» **Work task**: Gather each line in the entries that includes the string "orbT".

___ Record extracts

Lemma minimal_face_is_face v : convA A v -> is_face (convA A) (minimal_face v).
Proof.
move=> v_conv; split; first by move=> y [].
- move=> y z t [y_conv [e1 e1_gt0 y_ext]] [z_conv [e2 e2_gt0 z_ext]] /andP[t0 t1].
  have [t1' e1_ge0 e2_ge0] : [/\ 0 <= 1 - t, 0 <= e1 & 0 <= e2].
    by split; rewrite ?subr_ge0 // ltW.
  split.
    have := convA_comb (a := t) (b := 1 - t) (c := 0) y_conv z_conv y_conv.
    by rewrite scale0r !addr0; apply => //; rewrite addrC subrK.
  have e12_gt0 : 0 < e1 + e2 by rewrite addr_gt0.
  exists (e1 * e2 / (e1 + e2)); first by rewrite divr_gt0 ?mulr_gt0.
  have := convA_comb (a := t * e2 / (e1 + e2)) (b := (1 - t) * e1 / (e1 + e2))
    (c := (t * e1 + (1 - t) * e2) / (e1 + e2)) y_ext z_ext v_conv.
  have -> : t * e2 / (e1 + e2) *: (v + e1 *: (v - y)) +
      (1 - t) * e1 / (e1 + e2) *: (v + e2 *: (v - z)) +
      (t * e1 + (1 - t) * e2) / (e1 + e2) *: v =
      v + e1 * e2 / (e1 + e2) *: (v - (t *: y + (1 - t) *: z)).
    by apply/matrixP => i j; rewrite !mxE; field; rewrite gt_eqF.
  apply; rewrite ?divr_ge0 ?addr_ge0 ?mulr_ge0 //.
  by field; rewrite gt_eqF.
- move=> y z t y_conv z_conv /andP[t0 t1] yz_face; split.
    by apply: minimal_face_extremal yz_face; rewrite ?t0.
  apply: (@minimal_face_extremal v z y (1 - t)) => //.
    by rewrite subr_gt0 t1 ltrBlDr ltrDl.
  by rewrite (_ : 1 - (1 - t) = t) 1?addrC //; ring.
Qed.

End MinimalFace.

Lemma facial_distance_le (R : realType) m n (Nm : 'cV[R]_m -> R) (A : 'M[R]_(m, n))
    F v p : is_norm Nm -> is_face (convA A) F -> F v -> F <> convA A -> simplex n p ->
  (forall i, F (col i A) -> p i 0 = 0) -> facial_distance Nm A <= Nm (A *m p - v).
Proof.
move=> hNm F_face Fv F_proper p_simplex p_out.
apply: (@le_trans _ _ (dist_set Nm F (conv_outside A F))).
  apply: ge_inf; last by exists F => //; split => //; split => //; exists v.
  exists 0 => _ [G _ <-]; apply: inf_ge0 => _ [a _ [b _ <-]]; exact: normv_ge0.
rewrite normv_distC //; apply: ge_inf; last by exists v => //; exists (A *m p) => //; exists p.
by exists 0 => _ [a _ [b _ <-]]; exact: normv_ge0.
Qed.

______
___ Record extracts

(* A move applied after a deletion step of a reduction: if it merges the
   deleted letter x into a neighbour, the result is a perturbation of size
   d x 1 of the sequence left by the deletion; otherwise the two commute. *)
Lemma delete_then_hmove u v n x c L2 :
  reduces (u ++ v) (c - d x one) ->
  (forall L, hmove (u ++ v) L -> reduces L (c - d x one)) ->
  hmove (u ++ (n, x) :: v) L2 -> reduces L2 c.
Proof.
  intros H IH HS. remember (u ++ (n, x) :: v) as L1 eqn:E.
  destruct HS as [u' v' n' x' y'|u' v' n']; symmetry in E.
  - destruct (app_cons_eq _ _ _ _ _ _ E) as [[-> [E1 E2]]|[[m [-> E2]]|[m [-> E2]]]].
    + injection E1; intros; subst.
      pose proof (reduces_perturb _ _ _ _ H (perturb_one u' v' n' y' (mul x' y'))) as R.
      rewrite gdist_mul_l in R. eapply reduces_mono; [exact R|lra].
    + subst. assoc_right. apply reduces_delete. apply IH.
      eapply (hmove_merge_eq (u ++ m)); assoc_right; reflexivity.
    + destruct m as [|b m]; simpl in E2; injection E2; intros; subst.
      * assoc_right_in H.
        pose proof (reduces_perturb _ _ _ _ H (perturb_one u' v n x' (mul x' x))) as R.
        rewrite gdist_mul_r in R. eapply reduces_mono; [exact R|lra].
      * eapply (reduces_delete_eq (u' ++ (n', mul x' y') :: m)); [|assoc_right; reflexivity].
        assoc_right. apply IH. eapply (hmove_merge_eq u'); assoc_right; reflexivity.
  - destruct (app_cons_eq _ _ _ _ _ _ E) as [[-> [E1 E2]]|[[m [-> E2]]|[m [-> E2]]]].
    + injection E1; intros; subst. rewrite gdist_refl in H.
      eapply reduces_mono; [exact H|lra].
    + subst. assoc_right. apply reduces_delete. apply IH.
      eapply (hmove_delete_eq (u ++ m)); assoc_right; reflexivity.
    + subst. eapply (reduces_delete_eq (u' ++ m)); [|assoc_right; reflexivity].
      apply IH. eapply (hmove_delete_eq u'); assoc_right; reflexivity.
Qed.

______
___ Record extracts

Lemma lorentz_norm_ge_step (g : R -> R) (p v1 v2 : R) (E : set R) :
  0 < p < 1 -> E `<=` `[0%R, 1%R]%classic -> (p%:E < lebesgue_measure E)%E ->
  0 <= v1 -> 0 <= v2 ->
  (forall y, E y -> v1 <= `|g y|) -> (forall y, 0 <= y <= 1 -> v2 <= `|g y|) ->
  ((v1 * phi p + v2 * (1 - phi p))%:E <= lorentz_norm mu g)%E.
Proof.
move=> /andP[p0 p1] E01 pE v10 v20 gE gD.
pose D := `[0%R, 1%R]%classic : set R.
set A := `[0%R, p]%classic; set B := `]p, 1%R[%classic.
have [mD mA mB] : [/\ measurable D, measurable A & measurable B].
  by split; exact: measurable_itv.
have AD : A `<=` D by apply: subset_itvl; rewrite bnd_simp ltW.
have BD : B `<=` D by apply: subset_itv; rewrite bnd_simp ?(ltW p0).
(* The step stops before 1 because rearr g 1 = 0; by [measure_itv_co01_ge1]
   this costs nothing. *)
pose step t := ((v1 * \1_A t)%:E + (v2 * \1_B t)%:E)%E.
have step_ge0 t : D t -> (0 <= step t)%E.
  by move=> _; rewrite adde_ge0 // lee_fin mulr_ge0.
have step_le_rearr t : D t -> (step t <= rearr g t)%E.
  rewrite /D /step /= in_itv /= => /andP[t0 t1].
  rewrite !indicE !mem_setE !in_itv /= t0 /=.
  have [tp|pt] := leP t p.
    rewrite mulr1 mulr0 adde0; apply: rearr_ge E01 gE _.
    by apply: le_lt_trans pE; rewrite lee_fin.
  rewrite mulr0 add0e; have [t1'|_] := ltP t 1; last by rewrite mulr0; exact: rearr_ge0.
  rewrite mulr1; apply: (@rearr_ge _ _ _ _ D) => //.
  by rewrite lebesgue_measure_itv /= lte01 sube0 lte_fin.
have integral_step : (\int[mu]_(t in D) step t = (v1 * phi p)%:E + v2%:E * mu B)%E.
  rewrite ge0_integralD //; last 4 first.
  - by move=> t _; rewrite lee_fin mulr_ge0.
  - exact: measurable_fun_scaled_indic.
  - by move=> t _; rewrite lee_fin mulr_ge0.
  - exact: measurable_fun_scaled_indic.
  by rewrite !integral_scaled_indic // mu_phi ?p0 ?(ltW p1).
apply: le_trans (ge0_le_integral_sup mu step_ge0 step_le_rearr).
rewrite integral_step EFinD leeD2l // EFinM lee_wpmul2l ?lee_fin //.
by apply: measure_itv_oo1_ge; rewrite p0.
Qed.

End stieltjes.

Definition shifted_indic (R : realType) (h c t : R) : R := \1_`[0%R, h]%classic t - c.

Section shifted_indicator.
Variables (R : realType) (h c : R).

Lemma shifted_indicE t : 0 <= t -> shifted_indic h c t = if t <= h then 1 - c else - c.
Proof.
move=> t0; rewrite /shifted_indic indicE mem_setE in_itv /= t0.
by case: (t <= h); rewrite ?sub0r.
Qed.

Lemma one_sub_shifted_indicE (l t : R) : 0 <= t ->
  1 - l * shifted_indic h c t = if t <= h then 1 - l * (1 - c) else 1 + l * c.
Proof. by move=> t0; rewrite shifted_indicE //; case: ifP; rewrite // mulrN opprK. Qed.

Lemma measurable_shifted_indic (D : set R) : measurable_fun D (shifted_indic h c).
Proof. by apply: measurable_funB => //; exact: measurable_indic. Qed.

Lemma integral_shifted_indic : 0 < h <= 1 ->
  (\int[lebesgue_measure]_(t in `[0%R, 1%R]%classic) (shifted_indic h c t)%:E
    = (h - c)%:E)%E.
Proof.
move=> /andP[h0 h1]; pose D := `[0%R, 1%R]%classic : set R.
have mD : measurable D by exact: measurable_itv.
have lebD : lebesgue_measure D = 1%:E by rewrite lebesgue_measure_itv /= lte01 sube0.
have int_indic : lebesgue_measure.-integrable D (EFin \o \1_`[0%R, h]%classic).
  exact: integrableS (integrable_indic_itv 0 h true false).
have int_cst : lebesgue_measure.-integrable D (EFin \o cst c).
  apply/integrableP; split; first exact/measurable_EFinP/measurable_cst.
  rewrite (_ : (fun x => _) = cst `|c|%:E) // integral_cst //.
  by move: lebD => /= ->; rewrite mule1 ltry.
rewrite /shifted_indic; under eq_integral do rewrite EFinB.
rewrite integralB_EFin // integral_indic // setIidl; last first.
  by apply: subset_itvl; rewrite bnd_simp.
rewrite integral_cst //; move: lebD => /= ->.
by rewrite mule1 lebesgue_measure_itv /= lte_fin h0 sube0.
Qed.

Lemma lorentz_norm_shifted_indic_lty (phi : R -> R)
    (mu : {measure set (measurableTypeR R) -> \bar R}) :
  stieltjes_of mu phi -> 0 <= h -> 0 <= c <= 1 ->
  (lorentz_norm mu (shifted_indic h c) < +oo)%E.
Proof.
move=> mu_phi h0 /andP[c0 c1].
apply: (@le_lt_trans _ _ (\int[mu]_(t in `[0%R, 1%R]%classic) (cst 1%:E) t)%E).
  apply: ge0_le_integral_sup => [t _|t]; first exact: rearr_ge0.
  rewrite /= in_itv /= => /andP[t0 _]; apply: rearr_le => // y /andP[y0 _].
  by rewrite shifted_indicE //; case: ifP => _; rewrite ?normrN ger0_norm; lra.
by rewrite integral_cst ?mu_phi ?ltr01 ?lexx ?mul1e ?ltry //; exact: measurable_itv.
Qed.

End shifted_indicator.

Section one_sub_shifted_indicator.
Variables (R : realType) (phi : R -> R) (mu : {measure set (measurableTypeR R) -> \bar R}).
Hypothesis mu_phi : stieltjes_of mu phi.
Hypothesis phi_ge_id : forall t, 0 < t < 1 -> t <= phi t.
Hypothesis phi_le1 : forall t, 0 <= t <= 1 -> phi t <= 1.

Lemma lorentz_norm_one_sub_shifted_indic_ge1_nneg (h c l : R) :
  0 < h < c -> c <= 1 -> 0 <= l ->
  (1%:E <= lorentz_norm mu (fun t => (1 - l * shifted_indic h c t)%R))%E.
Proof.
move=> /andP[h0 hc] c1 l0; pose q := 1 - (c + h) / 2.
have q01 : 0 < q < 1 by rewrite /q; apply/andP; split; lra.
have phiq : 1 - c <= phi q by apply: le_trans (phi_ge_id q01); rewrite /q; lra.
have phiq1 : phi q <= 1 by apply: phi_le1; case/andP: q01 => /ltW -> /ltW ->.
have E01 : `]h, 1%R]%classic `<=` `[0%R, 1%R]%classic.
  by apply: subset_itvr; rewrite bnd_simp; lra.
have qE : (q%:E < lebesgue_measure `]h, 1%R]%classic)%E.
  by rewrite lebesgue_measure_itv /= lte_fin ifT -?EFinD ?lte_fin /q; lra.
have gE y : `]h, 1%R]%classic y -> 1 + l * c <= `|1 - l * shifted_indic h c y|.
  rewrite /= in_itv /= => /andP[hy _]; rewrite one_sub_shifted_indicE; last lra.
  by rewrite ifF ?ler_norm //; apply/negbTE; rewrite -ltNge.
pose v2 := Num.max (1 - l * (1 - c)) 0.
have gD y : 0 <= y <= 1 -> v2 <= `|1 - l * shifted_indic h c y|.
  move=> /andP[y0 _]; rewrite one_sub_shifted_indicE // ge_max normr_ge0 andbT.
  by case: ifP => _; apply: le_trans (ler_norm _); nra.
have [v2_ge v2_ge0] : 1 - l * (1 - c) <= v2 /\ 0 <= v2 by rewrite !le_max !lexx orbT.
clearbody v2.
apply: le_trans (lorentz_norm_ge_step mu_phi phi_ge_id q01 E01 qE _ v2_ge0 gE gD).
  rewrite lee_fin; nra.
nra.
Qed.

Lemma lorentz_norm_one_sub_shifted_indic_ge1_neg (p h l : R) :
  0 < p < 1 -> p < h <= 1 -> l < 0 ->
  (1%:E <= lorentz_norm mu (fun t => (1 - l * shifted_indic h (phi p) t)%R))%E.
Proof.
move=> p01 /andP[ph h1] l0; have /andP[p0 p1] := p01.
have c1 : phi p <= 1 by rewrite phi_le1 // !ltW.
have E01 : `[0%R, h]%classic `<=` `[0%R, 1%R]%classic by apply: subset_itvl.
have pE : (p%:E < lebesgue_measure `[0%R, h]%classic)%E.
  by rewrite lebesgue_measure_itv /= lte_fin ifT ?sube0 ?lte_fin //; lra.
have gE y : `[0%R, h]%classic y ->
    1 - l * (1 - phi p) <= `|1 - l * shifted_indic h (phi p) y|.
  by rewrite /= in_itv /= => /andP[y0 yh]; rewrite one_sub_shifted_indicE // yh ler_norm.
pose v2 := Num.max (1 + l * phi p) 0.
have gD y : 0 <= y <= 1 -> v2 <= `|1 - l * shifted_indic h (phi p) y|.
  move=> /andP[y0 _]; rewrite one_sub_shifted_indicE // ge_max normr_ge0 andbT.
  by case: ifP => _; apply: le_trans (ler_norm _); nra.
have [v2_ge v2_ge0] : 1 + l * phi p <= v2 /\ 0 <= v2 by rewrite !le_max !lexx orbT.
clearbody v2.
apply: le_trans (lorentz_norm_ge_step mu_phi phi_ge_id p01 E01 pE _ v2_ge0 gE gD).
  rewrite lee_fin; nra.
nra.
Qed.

______

» **Written response**:
have [v2_ge v2_ge0] : 1 - l * (1 - c) <= v2 /\ 0 <= v2 by rewrite !le_max !lexx orbT.
have [v2_ge v2_ge0] : 1 + l * phi p <= v2 /\ 0 <= v2 by rewrite !le_max !lexx orbT.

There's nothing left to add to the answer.